E Napoli? Napoli è come al solito “anema e core”. Gli ultras della Curva B hanno comprato beni di prima necessità per alcuni quartieri ed hanno attivato una campagna donazioni per l’ospedale Cotugno, oltre ad aver annunciato la volontà di destinare il rimborso per i biglietti della partita di Champion’s League, Barcellona-Napoli, per attività benefiche in occasione dell’emergenza Coronavirus. Iniziative benefiche sono state lanciate inoltre dai loro storici rivali della Salernitana, della Curva Nord del Bari e del Palermo. A riprova che l’emergenza ha unito tutti in un unico sforzo. Esemplare in questo caso è l’iniziativa delle tifoserie delle squadre calabresi della Reggina 1914, dell’U.S. Catanzaro Calcio 1929, dell’U.S. Vibonese 1928 e del Rende Calcio 1968 che hanno unito i loro sforzi in una raccolta di fondi a sostegno delle migliaia di famiglie calabresi in difficoltà in un momento di grave crisi economica e sanitaria, grazie all’iniziativa de”Il biglietto solidale”, al costo di 5 euro. Contrasti e rivalità sono state superate per dare “un calcio al coronavirus”.
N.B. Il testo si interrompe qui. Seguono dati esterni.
(* Let $s$ be a positive integer such that $(s-\bar k)>(\bar k+1)\big[(\sqrt{\rho_+(s)/\rho_-(s)}+1)\frac{2\rho_+(1)}{\rho_-(s)}\big]^2$, and run Algorithm FoBa-gdt with $\epsilon>\frac{2\sqrt2\rho_+(1)}{\rho_-(s)}\|\nabla Q(\bar\beta)\|_\infty$. Let $\beta^{(k)}$ be the output and $F^{(k)}$ its support. Let $\gamma=\frac{2\sqrt2\,\epsilon}{\rho_-(s)}$ and $\bar\Delta=|\{j\in\bar F-F^{(k)}:|\bar\beta_j|<\gamma\}|$. Then $$\|\beta^{(k)}-\bar\beta\|^2\le\frac{8\epsilon^2}{\rho_-(s)^2}\bar\Delta,\qquad Q(\beta^{(k)})-Q(\bar\beta)\le\frac{\epsilon^2}{\rho_-(s)}\bar\Delta,$$ $$\frac{\rho_-(s)^2}{8\rho_+(1)^2}|F^{(k)}-\bar F|\le|\bar F-F^{(k)}|\le2\bar\Delta.$$
   Context: Let $Q:\mathbb{R}^d\to\mathbb{R}$ be convex and continuously differentiable. $e_j$ is the $j$-th standard basis vector, $\mathrm{supp}(\beta)=\{j:\beta_j\ne0\}$, $\|\beta\|_0=|\mathrm{supp}(\beta)|$, $\|\cdot\|$ is the Euclidean norm, $A-B$ is set difference, and $v_S$ is $v$ restricted to the coordinates in $S$. For $F\subseteq\{1,\dots,d\}$, $\hat\beta(F)$ denotes a minimizer of $Q$ over $\{\beta:\mathrm{supp}(\beta)\subseteq F\}$ (assumed to exist). For a positive integer $s$, the restricted strong convexity constants $\rho_-(s),\rho_+(s)>0$ are constants such that for all $\beta,\beta'\in\mathbb{R}^d$ with $\|\beta'-\beta\|_0\le s$: $\frac{\rho_-(s)}{2}\|\beta'-\beta\|^2\le Q(\beta')-Q(\beta)-\langle\nabla Q(\beta),\beta'-\beta\rangle\le\frac{\rho_+(s)}{2}\|\beta'-\beta\|^2.$ $\bar\beta$ is a solution of $\min_\beta Q(\beta)$ subject to $\|\beta\|_0\le\bar k$, $\bar F=\mathrm{supp}(\bar\beta)$ and $\bar k=|\bar F|$. Algorithm FoBa has two variants: FoBa-obj (parameter $\delta>0$) and FoBa-gdt (parameter $\epsilon>0$). Initialize $F^{(0)}=\emptyset$, $\beta^{(0)}=0$, $k=0$, and repeat the following iteration. (1) Stopping test: FoBa-obj stops if $Q(\beta^{(k)})-\min_{\alpha\in\mathbb{R},\,j\notin F^{(k)}}Q(\beta^{(k)}+\alpha e_j)<\delta$; FoBa-gdt stops if $\|\nabla Q(\beta^{(k)})\|_\infty<\epsilon$. On stopping the output is $\beta^{(k)}$ with support $F^{(k)}$, and the algorithm is said to terminate at $k$. (2) Forward step: FoBa-obj picks $i^{(k)}\in\arg\min_{i\notin F^{(k)}}\min_\alpha Q(\beta^{(k)}+\alpha e_i)$; FoBa-gdt picks $i^{(k)}\in\arg\max_{i\notin F^{(k)}}|\nabla Q(\beta^{(k)})_i|$. Set $F^{(k+1)}=F^{(k)}\cup\{i^{(k)}\}$, $\beta^{(k+1)}=\hat\beta(F^{(k+1)})$, $\delta^{(k+1)}=Q(\beta^{(k)})-Q(\beta^{(k+1)})$, $k\leftarrow k+1$. (3) Backward step: repeat — if $F^{(k)}=\emptyset$ or $\min_{i\in F^{(k)}}Q(\beta^{(k)}-\beta^{(k)}_ie_i)-Q(\beta^{(k)})\ge\delta^{(k)}/2$, leave the backward step; otherwise pick $j\in\arg\min_{i\in F^{(k)}}Q(\beta^{(k)}-\beta^{(k)}_ie_i)$, set $F^{(k-1)}=F^{(k)}-\{j\}$, $\beta^{(k-1)}=\hat\beta(F^{(k-1)})$, $k\leftarrow k-1$ (where $\delta^{(k-1)}$ is the value recorded at the most recent forward step producing index $k-1$). Thus $|F^{(k)}|=k$ always. ''At the beginning of an iteration'' means the state just before a stopping test. *)

From Stdlib Require Import Reals.
From mathcomp Require Import all_boot.
Set Implicit Arguments. Unset Strict Implicit. Unset Printing Implicit Defensive.
(* For every integer $n\geq 3$ there exists a number $m=f(n)$ such that the following holds for every positive integer $p$: if a graph $G$ contains a subgraph $C$ isomorphic to $C_{p,m}$ and three pairwise edge-disjoint trees $T_a,T_b,T_c$, each of which contains every vertex of $C$ and is edge-disjoint from $C$, then $C\cup T_a\cup T_b\cup T_c$ contains $C_{p+1,n}$ as an immersion.
   Context: All graphs are finite and loopless but may have parallel edges. $C_{t,r}$ denotes the graph obtained from a cycle on $r$ vertices by replacing each edge by $t$ parallel edges. Lifting a pair of adjacent edges $uv,vw$ means deleting them and adding a new edge $uw$ (if $u=w$ the loop is deleted). A graph $H$ is an immersion of $G$ if a graph isomorphic to $H$ can be obtained from a subgraph of $G$ by repeatedly lifting pairs of edges; equivalently, there is an injective map $V(H)\to V(G)$ and pairwise edge-disjoint paths of $G$ joining the images of the ends of each edge of $H$. *)

From mathcomp Require Import all_boot.
Set Implicit Arguments. Unset Strict Implicit. Unset Printing Implicit Defensive.

Section MultiGraph.
Variables (V E : finType) (src dst : E -> V).
Lemma edge_kE (i j : 'I_(size S)) e0 e x y :
  i != j -> psi e0 = [set cvert i; cvert j] ->
  x \in psi e -> y \in psi e -> idx x = i -> idx y = j -> exists k, kE k e0 = e.
Proof.
move=> ij psi_e0 xe ye ix iy.
have /vorbitP[h hH ehx] : cvert i \in vorbit H x by rewrite -eq_idx idx_cvert ix.
have he_to : h.2 e \in edges_to psi (cvert i) (vorbit H (cvert j)).
  rewrite inE psi_act // ehx imset_f //=; apply/existsP; exists (h.1 y).
  rewrite imset_f // andbT -eq_idx idx_cvert idx_act // iy eqxx /=.
  by apply: contra ij => /eqP hy; rewrite -ix -iy -(idx_act x hH) -hy idx_act.
have := vstab_regular (cvert_in i) (cvert_notin_vorbit ij)
  (clique_edge_to ij psi_e0) he_to.
move/eqP/cards1P=> [h' eh'].
have : h' \in [set h0 in vstab H (cvert i) | h0.2 e0 == h.2 e] by rewrite eh' set11.
rewrite !inE => /andP[/andP[h'H _] /eqP eh'e].
by exists (subg H (h' * h^-1)); rewrite /kE subgK ?groupM ?groupV //= permM eh'e permK.
Qed.

Lemma kE_inj_at (i j : 'I_(size S)) e0 k1 k2 : i != j ->
  psi e0 = [set cvert i; cvert j] -> kE k1 e0 = kE k2 e0 -> k1 = k2.
Proof.
move=> ij psi_e0 e12; pose k := k1 * k2^-1.
have ke : kE k e0 = e0 by rewrite kEM kEV permM e12 permK.
have kfix : kV k (cvert i) = cvert i.
  have : kV k (cvert i) \in psi e0 by rewrite -ke psi_kE imset_f // psi_e0 !inE eqxx.
  rewrite psi_e0 !inE => /orP[/eqP // | /eqP kij].
  by move: ij; rewrite -(idx_cvert i) -(idx_kV k) kij !idx_cvert eqxx.
have := vstab_regular (cvert_in i) (cvert_notin_vorbit ij)
  (clique_edge_to ij psi_e0) (clique_edge_to ij psi_e0).
move/eqP/cards1P=> [a ea].
have k_in : sgval k \in [set h in vstab H (cvert i) | h.2 e0 == e0].
  by rewrite !inE subgP kfix ke !eqxx.
have one_in : 1 \in [set h in vstab H (cvert i) | h.2 e0 == e0].
  by rewrite !inE group1 !perm1 !eqxx.
rewrite ea !inE in k_in one_in.
apply/eqP; rewrite eq_mulgV1 -/k; apply/eqP/subg_inj.
by rewrite (eqP k_in) -(eqP one_in).
Qed.

Definition is_label e (t : 'I_(size S) * 'I_(size S) * K) :=
  (t.1.1 < t.1.2)%N && (omap (kE t.2) (clique_edge t.1.1 t.1.2) == Some e).

Lemma label_exists e : exists t, is_label e t.
Proof.
have /cards2P[x [y [xy psi_e]]] : #|psi e| == 2 by rewrite psi_loopless.
have xe : x \in psi e by rewrite psi_e !inE eqxx.
have ye : y \in psi e by rewrite psi_e !inE eqxx orbT.
wlog lt : x y xy xe ye {psi_e} / (idx x < idx y)%N.
  move=> wl; case: (ltngtP (idx x) (idx y)) => [|gt|eq]; first exact: wl.
    by apply: (wl y x) => //; rewrite eq_sym.
  by have := edge_idx_neq xe ye xy; rewrite (val_inj eq) eqxx.
have [e0 ce0 psi_e0] := clique_edgeP (ltn_ord_neq lt).
have [k ek] := edge_kE (ltn_ord_neq lt) psi_e0 xe ye erefl erefl.
by exists (idx x, idx y, k); rewrite /is_label /= lt ce0 /= ek.
Qed.

Lemma is_label_psi e i j k : is_label e (i, j, k) ->
  psi e = [set kV k (cvert i); kV k (cvert j)].
Proof.
case/andP=> /= lt; have [e0 -> psi_e0] := clique_edgeP (ltn_ord_neq lt).
by move=> /eqP[<-]; rewrite psi_kE psi_e0 imsetU1 imset_set1.
Qed.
Alla luce di tutti questi esempi, possiamo vedere chiaramente qual è il lato migliore del movimento ultras: l’amore. Il tifo è infatti amore e sacrificio, senza tornaconto, senza secondi fini. Nella curva si crea un rapporto di vera fratellanza interclassista con la comunità del proprio territorio. In questa era di individualisti e menefreghisti, dove il sentimento altruista è additato come ingenuo e “buonista”, gli ultras sono sempre gli ultimi ribelli.